Green sea turtles could be putting even the pickiest eaters to shame. Generations of them have returned to the same seagrass meadows along the coasts of northern Africa to feast for roughly 3,000 years, according to a study published July 17 in the journal PNAS.
[Related: Endangered green turtles are bouncing back in the Seychelles.]
When baby green sea turtles hatch on the beaches of the Mediterranean Sea, they clumsily make their way into the ocean. Their parents have already left the shallows for a long migration, and baby sea turtles are not able to navigate this long trip, so they float around for a few years. During this awkward stage, they are typically not picky eaters. The youthful turtles are even considered omnivores, eating worms, insects, and crustaceans along with seagrasses. At about five years-old, they trek to the same areas where their parents traveled to eat the more seagrass-exclusive diet of herbivores.
While scientists have known that sea turtles migrate between specific eating and breeding locations, seeing how far back this activity stretches highlights the importance of conserving sea grass locations that are suffering the effects of climate change the same way that nesting habitats are protected.
“We currently spend a lot of effort protecting the babies, but not the place where they spend most of their time: the seagrass meadows,” study co-author and University of Groningen marine evolution and conservation PhD student Willemien de Kock said in a statement.
The study from the University of Groningen in the Netherlands combined archaeological findings with modern data.

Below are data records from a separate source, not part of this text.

Lemma ltens_klin_param P : klinear (ltens^~ P).
Proof.
apply: (tlin_klin_param hBB.1 (f := fun a b c => tA3 a b c)) => [a|b c].
  exact: ltens_bilinear.
exact: tA3_klin1.
Qed.

Lemma ltensM a a' P P' : ltens (a * a') (P * P') = mul3 tA3 (ltens a P) (ltens a' P').
Proof.
apply: (tlinM hBB mul3_klinl' mul3_klinr'); try exact: ltens_bilinear.
by move=> b c b' c'; rewrite mul3E.
Qed.

Lemma coact_tens_bilinear (d : A -> AB) : klinear d -> kbilinear (fun a b => tensr b (d a)).
Proof.
by move=> hd; split=> [b|a]; [apply: klin_comp (tensr_klin b) hd | apply: tensr_klin_param].
Qed.

Lemma coact_tensE (d : A -> AB) : klinear d -> forall a b, coact_tens d (tA a b) = tensr b (d a).
Proof. by move=> hd; apply: (tlinE hA.1 (coact_tens_bilinear hd)). Qed.

Lemma coact_tens_klin (d : A -> AB) : klinear d -> klinear (coact_tens d).
Proof. by move=> hd; apply: (tlin_klin hA.1 (coact_tens_bilinear hd)). Qed.

Lemma coact_tensM (d : A -> AB) : kalg_morph d ->
  forall X Y, coact_tens d (X * Y) = mul3 tA3 (coact_tens d X) (coact_tens d Y).
Proof.
move=> [hd [dM _]]; apply: (tlinM hA mul3_klinl' mul3_klinr'); try exact: coact_tens_bilinear.
by move=> a b a' b'; rewrite dM tensrM.
Qed.

Lemma coact_tens1 (d : A -> AB) : kalg_morph d -> coact_tens d 1 = tA3 1 1 1.
Proof.
move=> [hd [_ d1]].
by rewrite /coact_tens (tlin1 hA (coact_tens_bilinear hd)) d1 -hA.2.2 tensrE.
Qed.

Lemma tens_comul_bilinear : kbilinear (fun a b => ltens a (Delta b)).
Proof.
by split=> [b|a]; [apply: ltens_klin_param | apply: klin_comp (ltens_klin a) hDelta.1].
Qed.

Lemma tens_comulE a b : tens_comul (tA a b) = ltens a (Delta b).
Proof. exact: (tlinE hA.1 tens_comul_bilinear). Qed.

Lemma tens_comul_klin : klinear tens_comul.
Proof. exact: (tlin_klin hA.1 tens_comul_bilinear). Qed.

Lemma tens_comulM X Y : tens_comul (X * Y) = mul3 tA3 (tens_comul X) (tens_comul Y).
Proof.
apply: (tlinM hA mul3_klinl' mul3_klinr'); try exact: tens_comul_bilinear.
by move=> a b a' b'; rewrite hDelta.2.1 ltensM.
Qed.

Lemma tens_comul1 : tens_comul 1 = tA3 1 1 1.
Proof. by rewrite /tens_comul (tlin1 hA tens_comul_bilinear) hDelta.2.2 -hBB.2.2 ltensE. Qed.

Lemma tens_counit_bilinear : kbilinear (fun (a : A) b => eps b *: a).
Proof.
split=> [b|a]; first exact: klin_scale.
by move=> c b b'; rewrite heps scalerDl scalerA.
Qed.

Lemma tens_counitE a b : tens_counit (tA a b) = eps b *: a.
Proof. exact: (tlinE hA.1 tens_counit_bilinear). Qed.

Lemma tens_counit_klin : klinear tens_counit.
Proof. exact: (tlin_klin hA.1 tens_counit_bilinear). Qed.

Lemma tens_counitM X Y : tens_counit (X * Y) = tens_counit X * tens_counit Y.
Proof.
apply: (tlinM hA (@klin_mulr _ A) (@klin_mull _ A)); try exact: tens_counit_bilinear.
by move=> a b a' b'; rewrite hepsM -scalerAl -scalerAr scalerA.
Qed.

Lemma tens_counit1 : tens_counit 1 = 1.
Proof. by rewrite /tens_counit (tlin1 hA tens_counit_bilinear) heps1 scale1r. Qed.

End CoactionMaps.

Section Transport.
Variables (A AB A' A'B : algType k) (ABB A'BB : lmodType k)
  (tA : A -> B -> AB) (tA3 : A -> B -> B -> ABB)
  (tA' : A' -> B -> A'B) (tA'3 : A' -> B -> B -> A'BB) (f : A -> A').
Hypotheses (hA : is_algtensor tA) (hA3 : is_tensor3 tA3)
  (hA' : is_algtensor tA') (hA'3 : is_tensor3 tA'3) (hf : kalg_morph f).

Definition map_tens : AB -> A'B := tlin tA (fun a b => tA' (f a) b).
Definition map_tens3 : ABB -> A'BB := tlin3 tA3 (fun a b c => tA'3 (f a) b c).

Lemma map_tens_bilinear : kbilinear (fun a b => tA' (f a) b).
Proof. by split=> [b|a]; [apply: klin_comp (hA'.1.1.1 b) hf.1 | apply: hA'.1.1.2]. Qed.

Lemma map_tensE a b : map_tens (tA a b) = tA' (f a) b.
Proof. exact: (tlinE hA.1 map_tens_bilinear). Qed.

Lemma map_tens_klin : klinear map_tens.
Proof. exact: (tlin_klin hA.1 map_tens_bilinear). Qed.

Lemma map_tens_morph : kalg_morph map_tens.
Proof.
split; [exact: map_tens_klin | split].
- apply: (tlinM hA (@klin_mulr _ A'B) (@klin_mull _ A'B)); try exact: map_tens_bilinear.
  by move=> a b a' b'; rewrite hA'.2.1 hf.2.1.
- by rewrite /map_tens (tlin1 hA map_tens_bilinear) hf.2.2 hA'.2.2.
Qed.

Lemma map_tens3_trilinear : ktrilinear (fun a b c => tA'3 (f a) b c).
Proof.
split; [|split] => [b c|a c|a b]; last exact: hA'3.1.2.2.
  exact: klin_comp (hA'3.1.1 b c) hf.1.
exact: hA'3.1.2.1.
Qed.

Lemma map_tens3E a b c : map_tens3 (tA3 a b c) = tA'3 (f a) b c.
Proof. exact: (tlin3E hA3 map_tens3_trilinear). Qed.

Lemma map_tens3_klin : klinear map_tens3.
Proof. exact: (tlin3_klin hA3 map_tens3_trilinear). Qed.

Lemma tensr_map_tens b X : tensr tA' tA'3 b (map_tens X) = map_tens3 (tensr tA tA3 b X).
Proof.
apply: (tensor_ext hA.1 (g := fun X => tensr tA' tA'3 b (map_tens X))
                          (h := fun X => map_tens3 (tensr tA tA3 b X))) => [||a c].
- exact: klin_comp (tensr_klin hA' hA'3 b) map_tens_klin.
- exact: klin_comp map_tens3_klin (tensr_klin hA hA3 b).
by rewrite map_tensE !tensrE // map_tens3E.
Qed.

Lemma ltens_map a P : ltens tA'3 (f a) P = map_tens3 (ltens tA3 a P).
Proof.
apply: (tensor_ext hBB.1 (g := ltens tA'3 (f a))
                          (h := fun P => map_tens3 (ltens tA3 a P))) => [||b c].
- exact: ltens_klin.
- exact: klin_comp map_tens3_klin (ltens_klin hA3 a).
by rewrite (ltensE hA'3) (ltensE hA3) map_tens3E.
Qed.

Lemma coact_tens_map (d : A -> AB) (d' : A' -> A'B) :
  klinear d -> klinear d' -> (forall a, d' (f a) = map_tens (d a)) ->
  forall X, coact_tens tA' tA'3 d' (map_tens X) = map_tens3 (coact_tens tA tA3 d X).
Proof.
move=> hd hd' dd'.
apply: (tensor_ext hA.1 (g := fun X => coact_tens tA' tA'3 d' (map_tens X))
                          (h := fun X => map_tens3 (coact_tens tA tA3 d X))) => [||a b].
- exact: klin_comp (coact_tens_klin hA' hA'3 hd') map_tens_klin.
- exact: klin_comp map_tens3_klin (coact_tens_klin hA hA3 hd).
by rewrite map_tensE !coact_tensE // dd' tensr_map_tens.
Qed.

Lemma tens_comul_map X :
  tens_comul tA' tA'3 (map_tens X) = map_tens3 (tens_comul tA tA3 X).
Proof.
apply: (tensor_ext hA.1 (g := fun X => tens_comul tA' tA'3 (map_tens X))
                          (h := fun X => map_tens3 (tens_comul tA tA3 X))) => [||a b].
- exact: klin_comp (tens_comul_klin hA' hA'3) map_tens_klin.
- exact: klin_comp map_tens3_klin (tens_comul_klin hA hA3).
by rewrite map_tensE !tens_comulE // ltens_map.
Qed.

Lemma tens_counit_map X : tens_counit tA' (map_tens X) = f (tens_counit tA X).
Proof.
apply: (tensor_ext hA.1 (g := fun X => tens_counit tA' (map_tens X))
                          (h := fun X => f (tens_counit tA X))) => [||a b].
- exact: klin_comp (tens_counit_klin hA') map_tens_klin.
- exact: klin_comp hf.1 (tens_counit_klin hA).
by rewrite map_tensE !tens_counitE // (klinZ hf.1).
Qed.

End Transport.

Section Localization.
Variables (E EB : algType k) (EBB : lmodType k)
  (tE : E -> B -> EB) (tE3 : E -> B -> B -> EBB) (rho : E -> EB) (T : pred E)
  (L LB : algType k) (LBB : lmodType k)
  (tL : L -> B -> LB) (tL3 : L -> B -> B -> LBB) (iT : E -> L).
Hypotheses (hE : is_algtensor tE) (hE3 : is_tensor3 tE3)
  (hrho : is_comodule_algebra tE tE3 tBB Delta eps rho)
  (HT : left_ore_set T) (Hi : is_left_fractions T iT)
  (hL : is_algtensor tL) (hL3 : is_tensor3 tL3).

Definition rho_loc (e : E) : LB := map_tens tE tL iT (rho e).

Lemma rho_loc_morph : kalg_morph rho_loc.
Proof.
have [hi [hrhoM hrho1]] := hrho.1; have [hm [hmM hm1]] := map_tens_morph hE hL Hi.1.
by split; [apply: klin_comp hm hi | split=> [x y|]; rewrite /rho_loc ?hrhoM ?hrho1].
Qed.

Lemma rho_compatible_invertible :
  rho_compatible iT tE tL tL3 tBB Delta eps rho -> forall t, T t -> invertible (rho_loc t).
Proof.
move=> [rhoT [[[rhoT_morph _] rhoT_iT] _]] t Tt.
have -> : rho_loc t = rhoT (iT t) by rewrite rhoT_iT.
exact: kalg_morph_invertible rhoT_morph (Hi.2.1 t Tt).
Qed.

De Kock used boxes of sea turtle remains from archaeological sites in the Mediterranean Sea. By analyzing the bones, De Kock could distinguish two species within the collection: the green sea turtle and the loggerhead turtle.
From there, De Kock was also able to identify what both species had been eating and found that they relied on bone collagen in the plants. She used a mass spectrometer to inspect the bone collagen in the turtle remains and found what types of plants the sea turtles ate.
“For instance, one plant might contain more of the lighter carbon-12 than another plant, which contains more of the heavier carbon-13. Because carbon does not change when it is digested, we can detect what ratio of carbon is present in the bones and infer the diet from that,” De Kock said.
Satellite tracking data from the University of Exeter in the United Kingdom revealed the current traveling routes and destinations of sea turtles. The team from Exeter had also been taking tiny skin samples from the sea turtles, which revealed similar dietary information that was present in the ancient bone samples. De Kock could then draw conclusions by connecting the diets of turtles from thousands of years ago to specific locations. The study found that for about 3,000 years, numerous generations of green sea turtles have been feeding in the same seagrass meadows along the coasts of Egypt and West Libya.
[Related: Tiger sharks helped scientists map a vast underwater meadow in the Bahamas.]
Loggerhead turtles showed a more varied diet than the green sea turtles, so their results were less specific.
Understanding more about how a species eats over past generations can help counteract shifting baseline syndrome. This is when slow changes to a larger system, like animal populations, are unnoticed since each new generation of researchers may redefine what the natural state was based on how the environment was at the start of their careers.
“Even long-term data goes back only about 100 years. But tracing back further in time using archaeological data allows us to better see human-induced effects on the environment. And it allows us to predict, a bit,” De Kock said.
Recent models have forecasted a high risk of widespread seagrass loss right where green sea turtles have been migrating for generations. Losing these food resources could be detrimental to the green sea turtle, and future conservation efforts can include supporting seagrass planting efforts, reducing greenhouse gas emissions, and building better signs and markers so that boats do not weigh anchor in seagrass meadows.